Autre point commun avec celle-ci : la désignation d’un bouc émissaire. Toute la partie « constat « du projet s’apparente à un réquisitoire impitoyable contre le « capitalisme néolibéral », la mondialisation, le libre-échange et le marché, responsables de tous les maux de notre époque. « Une grille de lecture parfaitement illusoire », estime le consultant et essayiste Erwan Le Noan, auteur de L’Obsession égalitaire (La Cité) : « Comment peut-on dire une chose pareille, compte tenu du niveau de réglementation et de fiscalité qui caractérise notre pays ? Nous sommes au contraire parmi les régimes politiques démocratiques qui placent le plus l’Etat en leur centre ». Difficile, en effet, de qualifier de modèle de néolibéralisme dérégulateur un pays dont la dépense publique atteint 57 % du PIB, le taux de prélèvement obligatoire 45,3 %, et le Code du travail quelque 3 000 pages.

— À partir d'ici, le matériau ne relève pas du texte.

Lemma is_derive_shift (f df : R -> R) (c x : R) : (forall t, is_derive f t (df t)) ->
  is_derive (fun t => f (t + c)) x (df (x + c)).
Proof.
 intros H. apply (is_derive_ext (fun t => f (1 * t + c))); [intros t; now rewrite Rmult_1_l|].
 replace (df (x + c)) with (1 * df (1 * x + c)) by (rewrite !Rmult_1_l; reflexivity).
 apply is_derive_comp_affine, H.
Qed.

Lemma is_derive_reflect (f df : R -> R) (c x : R) : (forall t, is_derive f t (df t)) ->
  is_derive (fun t => f (c - t)) x (- df (c - x)).
Proof.
 intros H. apply (is_derive_ext (fun t => f (-1 * t + c))); [intros t; f_equal; ring|].
 replace (- df (c - x)) with (-1 * df (-1 * x + c))
   by (replace (-1 * x + c) with (c - x) by ring; ring).
 apply is_derive_comp_affine, H.
Qed.

Lemma is_derive_increasing (f : R -> R) (x d : R) : is_derive f x d -> 0 < d ->
  exists del, 0 < del /\ forall h, 0 < h < del -> f (x - h) < f x < f (x + h).
Proof.
 intros H Hd. apply is_derive_Reals in H.
 destruct (H (d / 2) ltac:(lra)) as [del Hdel].
 exists del. split; [apply cond_pos|]. intros h Hh.
 assert (Hr := Hdel h ltac:(lra) ltac:(rewrite Rabs_pos_eq; lra)).
 assert (Hl := Hdel (- h) ltac:(lra) ltac:(rewrite Rabs_left; lra)).
 replace (x + - h) with (x - h) in Hl by ring.
 apply Rabs_def2 in Hr. apply Rabs_def2 in Hl.
 assert (0 < (f (x + h) - f x) / h) by lra.
 assert (0 < (f (x - h) - f x) / - h) by lra.
 assert (0 < (f (x + h) - f x) / h * h) by (apply Rmult_lt_0_compat; lra).
 assert (0 < (f (x - h) - f x) / - h * h) by (apply Rmult_lt_0_compat; lra).
 replace ((f (x + h) - f x) / h * h) with (f (x + h) - f x) in * by (field; lra).
 replace ((f (x - h) - f x) / - h * h) with (f x - f (x - h)) in * by (field; lra).
 lra.
Qed.

Lemma is_derive_continuity (f df : R -> R) : (forall t, is_derive f t (df t)) -> continuity f.
Proof. intros H x. apply derivable_continuous_pt. exists (df x). apply is_derive_Reals, H. Qed.

Lemma continuity_pt_near (f : R -> R) (x e : R) : continuity_pt f x -> 0 < e ->
  exists del, 0 < del /\ forall z, Rabs (z - x) < del -> Rabs (f z - f x) < e.
Proof.
 intros Hc He. destruct (Hc e He) as [del [Hdel H]]. exists del. split; [lra|].
 intros z Hz. destruct (Req_dec z x) as [->|Hne].
 - rewrite Rminus_diag, Rabs_R0; lra.
 - apply (H z). split; [split; [exact I | auto] | exact Hz].
Qed.

Lemma deriv_nonpos_le (f df : R -> R) (a b : R) : a <= b ->
  (forall x, a <= x <= b -> is_derive f x (df x)) ->
  (forall x, a < x < b -> df x <= 0) -> f b <= f a.
Proof.
 intros Hab H Hd. destruct (Req_dec a b) as [->|Hne]; [lra|].
 destruct (MVT_cor2 f df a b ltac:(lra)) as [c [Hc Hc2]].
 - intros c Hc. apply is_derive_Reals, H; lra.
 - specialize (Hd c Hc2). nra.
Qed.

Lemma deriv_nonneg_le (f df : R -> R) (a b : R) : a <= b ->
  (forall x, a <= x <= b -> is_derive f x (df x)) ->
  (forall x, a < x < b -> 0 <= df x) -> f a <= f b.
Proof.
 intros Hab H Hd.
 enough (- f b <= - f a) by lra.
 apply (deriv_nonpos_le (fun t => - f t) (fun t => - df t) a b Hab).
 - intros; apply is_derive_Ropp; auto.
 - intros x Hx; specialize (Hd x Hx); lra.
Qed.

Lemma deriv_nonneg_lt (f df : R -> R) (a b s : R) : a < s < b ->
  (forall x, a <= x <= b -> is_derive f x (df x)) ->
  (forall x, a < x < b -> 0 <= df x) -> 0 < df s -> f a < f b.
Proof.
 intros Hs H Hd Hds.
 destruct (is_derive_increasing f s (df s) (H s ltac:(lra)) Hds) as [del [Hdel Hinc]].
 set (h := Rmin (del / 2) ((b - s) / 2)).
 assert (0 < h) by (apply Rmin_pos; lra).
 assert (h < del) by (eapply Rle_lt_trans; [apply Rmin_l | lra]).
 assert (h <= (b - s) / 2) by apply Rmin_r.
 destruct (Hinc h ltac:(lra)) as [_ Hsh].
 assert (f a <= f s)
   by (apply (deriv_nonneg_le f df); [lra | intros; apply H; lra | intros; apply Hd; lra]).
 assert (f (s + h) <= f b)
   by (apply (deriv_nonneg_le f df); [lra | intros; apply H; lra | intros; apply Hd; lra]).
 lra.
Qed.

Lemma deriv_zero_const (f : R -> R) (a b : R) : (forall x, is_derive f x 0) -> f a = f b.
Proof.
 intros H.
 assert (Hle : forall u v, u <= v -> f u = f v).
 { intros u v Huv. apply Rle_antisym.
   - apply (deriv_nonneg_le f (fun _ => 0)); intros; [lra | apply H | lra].
   - apply (deriv_nonpos_le f (fun _ => 0)); intros; [lra | apply H | lra]. }
 destruct (Rle_dec a b); [|symmetry]; apply Hle; lra.
Qed.

Lemma gronwall_forward (f df : R -> R) (K s t : R) : (forall x, is_derive f x (df x)) ->
  (forall x, df x <= K * f x) -> s <= t -> f t <= f s * exp (K * (t - s)).
Proof.
 intros H Hd Hst.
 assert (Hm : f t * exp (- K * t) <= f s * exp (- K * s)).
 { apply (deriv_nonpos_le (fun x => f x * exp (- K * x))
     (fun x => (df x - K * f x) * exp (- K * x))); auto.
   - intros x _. eapply is_derive_eq.
     + apply is_derive_Rmult; [apply H|].
       apply (is_derive_Rcomp exp (fun x => - K * x)); [apply is_derive_exp|].
       apply is_derive_Rscal, is_derive_Rid.
     + cbv beta; ring.
   - intros x _. specialize (Hd x). pose proof (exp_pos (- K * x)). nra. }
 replace (K * (t - s)) with (- K * s - (- K * t)) by ring.
 unfold Rminus. rewrite exp_plus, exp_Ropp.
 pose proof (exp_pos (- K * t)).
 apply (Rmult_le_reg_r (exp (- K * t))); auto.
 replace (f s * (exp (- K * s) * / exp (- K * t)) * exp (- K * t)) with (f s * exp (- K * s))
   by (field; lra).
 exact Hm.
Qed.

Lemma gronwall_zero (f df : R -> R) (K t0 : R) : (forall x, is_derive f x (df x)) ->
  (forall x, 0 <= f x) -> (forall x, Rabs (df x) <= K * f x) -> f t0 = 0 -> forall t, f t = 0.
Proof.
 intros H Hp Hd H0 t. apply Rle_antisym; [|apply Hp].
 destruct (Rle_dec t0 t).
 - pose proof (gronwall_forward f df K t0 t H
     ltac:(intros x; specialize (Hd x); apply Rabs_le_between in Hd; lra) r).
   rewrite H0, Rmult_0_l in H1. exact H1.
 - assert (Hrev : forall x, is_derive (fun u => f (- u)) x (- df (- x))).
   { intros x. apply (is_derive_ext (fun u => f (0 - u))); [intros; f_equal; ring|].
     replace (- x) with (0 - x) by ring. apply is_derive_reflect, H. }
   pose proof (gronwall_forward (fun x => f (- x)) (fun x => - df (- x)) K (- t0) (- t) Hrev
     ltac:(intros x; specialize (Hd (- x)); apply Rabs_le_between in Hd; lra) ltac:(lra)).
   cbv beta in H1. rewrite !Ropp_involutive, H0, Rmult_0_l in H1. exact H1.
Qed.

Lemma first_zero (f : R -> R) (a b : R) : continuity f -> a < b -> 0 < f a -> f b <= 0 ->
  exists c, a < c <= b /\ f c = 0 /\ forall s, a <= s < c -> 0 < f s.
Proof.
 intros Hc Hab Ha Hb.
 set (E := fun x => a <= x <= b /\ forall s, a <= s <= x -> 0 < f s).
 assert (Ea : E a) by (split; [lra | intros s Hs; replace s with a by lra; auto]).
 destruct (completeness E ltac:(exists b; intros x [Hx _]; lra) ltac:(exists a; exact Ea))
   as [c [Hub Hlub]].
 assert (Hac : a <= c) by (apply Hub, Ea).
 assert (Hcb : c <= b) by (apply Hlub; intros x [Hx _]; lra).
 assert (Hbefore : forall s, a <= s < c -> 0 < f s).
 { intros s Hs. destruct (classic (exists x, E x /\ s < x)) as [[x [[_ Hx] Hsx]]|Hn].
   - apply Hx; lra.
   - exfalso. enough (c <= s) by lra. apply Hlub. intros x Hx.
     destruct (Rle_dec x s); auto. exfalso; apply Hn; exists x; split; auto; lra. }
 assert (Hfc : f c = 0).
 { destruct (Rtotal_order (f c) 0) as [Hlt|[Heq|Hgt]]; auto; exfalso.
   - destruct (continuity_pt_near f c (- f c) (Hc c) ltac:(lra)) as [d [Hd Hnear]].
     assert (a < c) by (destruct (Req_dec a c) as [<-|]; lra).
     set (s := Rmax a (c - d / 2)).
     assert (a <= s < c) by (unfold s; split; [apply Rmax_l | apply Rmax_lub_lt; lra]).
     assert (c - d / 2 <= s) by apply Rmax_r.
     specialize (Hbefore s ltac:(lra)). specialize (Hnear s ltac:(rewrite Rabs_left; lra)).
     apply Rabs_def2 in Hnear. lra.
   - destruct (continuity_pt_near f c (f c) (Hc c) Hgt) as [d [Hd Hnear]].
     assert (c < b) by (destruct (Req_dec c b) as [->|]; lra).
     set (x := Rmin b (c + d / 2)).
     assert (c < x <= b) by (unfold x; split; [apply Rmin_glb_lt; lra | apply Rmin_l]).
     assert (x <= c + d / 2) by apply Rmin_r.
     enough (E x) by (specialize (Hub x H2); lra).
     split; [lra|]. intros s Hs. destruct (Rlt_dec s c); [apply Hbefore; lra|].
     specialize (Hnear s ltac:(rewrite Rabs_pos_eq; lra)). apply Rabs_def2 in Hnear. lra. }
 exists c. repeat split; auto. destruct (Req_dec a c) as [<-|]; lra.
Qed.

Lemma first_zero_after (f df : R -> R) (a b : R) : (forall t, is_derive f t (df t)) ->
  a < b -> f a = 0 -> 0 < df a -> f b = 0 ->
  exists c, a < c <= b /\ f c = 0 /\ forall s, a < s < c -> 0 < f s.
Proof.
 intros H Hab Fa Da Fb.
 destruct (is_derive_increasing f a (df a) (H a) Da) as [del [Hdel Hinc]].
 rewrite Fa in Hinc.
 set (h := Rmin (del / 2) ((b - a) / 2)).
 assert (0 < h) by (apply Rmin_pos; lra).
 assert (h < del) by (eapply Rle_lt_trans; [apply Rmin_l | lra]).
 assert (h <= (b - a) / 2) by apply Rmin_r.
 assert (Hnear : forall s, a < s <= a + h -> 0 < f s).
 { intros s Hs. replace s with (a + (s - a)) by ring. apply Hinc. lra. }
 destruct (first_zero f (a + h) b (is_derive_continuity f df H) ltac:(lra)
   ltac:(apply Hnear; lra) ltac:(lra)) as [c [Hc [Fc Hpos]]].
 exists c. repeat split; auto; try lra.
 intros s Hs. destruct (Rle_dec s (a + h)); [apply Hnear | apply Hpos]; lra.
Qed.

Lemma deriv_nonpos_at_first_zero (f : R -> R) (a b d : R) : a < b -> is_derive f b d ->
  f b = 0 -> (forall s, a < s < b -> 0 < f s) -> d <= 0.
Proof.
 intros Hab H Fb Hpos. destruct (Rle_dec d 0) as [|Hd]; auto. exfalso.
 destruct (is_derive_increasing f b d H ltac:(lra)) as [del [Hdel Hinc]].
 set (h := Rmin (del / 2) ((b - a) / 2)).
 assert (0 < h) by (apply Rmin_pos; lra).
 assert (h < del) by (eapply Rle_lt_trans; [apply Rmin_l | lra]).
 assert (h <= (b - a) / 2) by apply Rmin_r.
 destruct (Hinc h ltac:(lra)) as [Hq _]. specialize (Hpos (b - h) ltac:(lra)). lra.
Qed.

Lemma Rabs_mul2_le (c K u v : R) : Rabs c <= K -> Rabs (2 * c * u * v) <= K * (u ^ 2 + v ^ 2).
Proof.
 intros Hc. apply Rabs_le_between in Hc. apply Rabs_le.
 assert (0 <= (K - c) * (u + v) ^ 2) by (apply Rmult_le_pos; [lra | apply pow2_ge_0]).
 assert (0 <= (K + c) * (u - v) ^ 2) by (apply Rmult_le_pos; [lra | apply pow2_ge_0]).
 assert (0 <= (K + c) * (u + v) ^ 2) by (apply Rmult_le_pos; [lra | apply pow2_ge_0]).
 assert (0 <= (K - c) * (u - v) ^ 2) by (apply Rmult_le_pos; [lra | apply pow2_ge_0]).
 split; nra.
Qed.

Lemma exists_period_index (T t : R) : 0 < T -> 0 <= t ->
  exists n : nat, INR n * T <= t <= INR n * T + T.
Proof.
 intros HT Ht. destruct (archimed (t / T)) as [Hu1 Hu2].
 assert (0 <= t / T) by (apply Rdiv_le_0_compat; lra).
 assert (Hup : (0 < up (t / T))%Z) by (apply lt_IZR; lra).
 exists (Z.to_nat (up (t / T) - 1)).
 rewrite INR_IZR_INZ, Znat.Z2Nat.id, minus_IZR by lia.
 assert (Ht' : t = t / T * T) by (field; lra).
 set (u := t / T) in *. rewrite Ht'.
 split; [|replace ((IZR (up u) - 1) * T + T) with (IZR (up u) * T) by ring];
   apply Rmult_le_compat_r; lra.
Qed.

Pour l’économiste Pierre Bentata, évoquer les « promesses non-tenues de la mondialisation et du libre-échange », ce n’est pas seulement être « à côté de la plaque », c’est aussi faire preuve d’ingratitude. « N’importe quel économiste, quelle que soit son orientation politique, sait que l’extrême pauvreté a été divisée par quatre depuis les années 1960 – c’est-à -dire depuis que la globalisation existe -, que l’espérance de vie a explosé, que la mortalité infantile a chuté et que l’éducation a progressé », corrige l’auteur de De l’esprit de servitude au XXIe siècle (Éditions de l’Observatoire), avant de renvoyer aux infographies de Our World in Data. Sur ce site, véritable mine d’or statistique, les données dressent en effet un bilan bien plus flatteur de la mondialisation et du capitalisme. Entre 1990 et 2026, le nombre de personnes dans le monde vivant dans une situation d’extrême pauvreté est passé de 2,3 milliards à 826 millions, tandis que l’espérance de vie, de 47 ans en 1960, atteint aujourd’hui 73 ans. Même l’économiste et spécialiste mondial des inégalités Branko Milanovic, que l’on ne peut soupçonner de biais libéral, montre dans son livre Global Inequality (Belknap Press) que la période 1988-2008 a été celle d’une baisse sans précédent des inégalités mondiales, portée notamment par le rattrapage de pays émergents comme la Chine et l’Inde.
De vieilles recettes…
Passons sur le constat. Qu’en est-il des propositions ? Pour nous sortir de l’enfer capitaliste qu’il dépeint et dénonce, le PS réaffirme sa filiation avec les premiers mouvements du socialisme utopique du XIXe siècle. Mais son ambition de renouer avec cet idéal bute sur son incapacité à renouveler son logiciel intellectuel et programmatique. Malgré un nombre impressionnant de propositions (plusieurs centaines), « on comprend très vite qu’on va repartir sur de très vieilles recettes, et je peine à trouver des idées véritablement nouvelles », s’étonne Pierre Bentata. De fait, le projet ressemble, à s’y méprendre, au Programme commun de 1972, tant sur la forme – 146 pages, contre 144 pages pour le projet de 2027 – que sur le fond. Pour ne citer qu’un exemple : le PS et le PCF de l’époque promettaient une hausse massive du salaire minimum et un encadrement de l’écart maximum des salaires : les socialistes de 2026 proposent de porter le Smic à 1 600 euros et de limiter l’écart maximum des rémunérations au sein des entreprises de 1 à 20.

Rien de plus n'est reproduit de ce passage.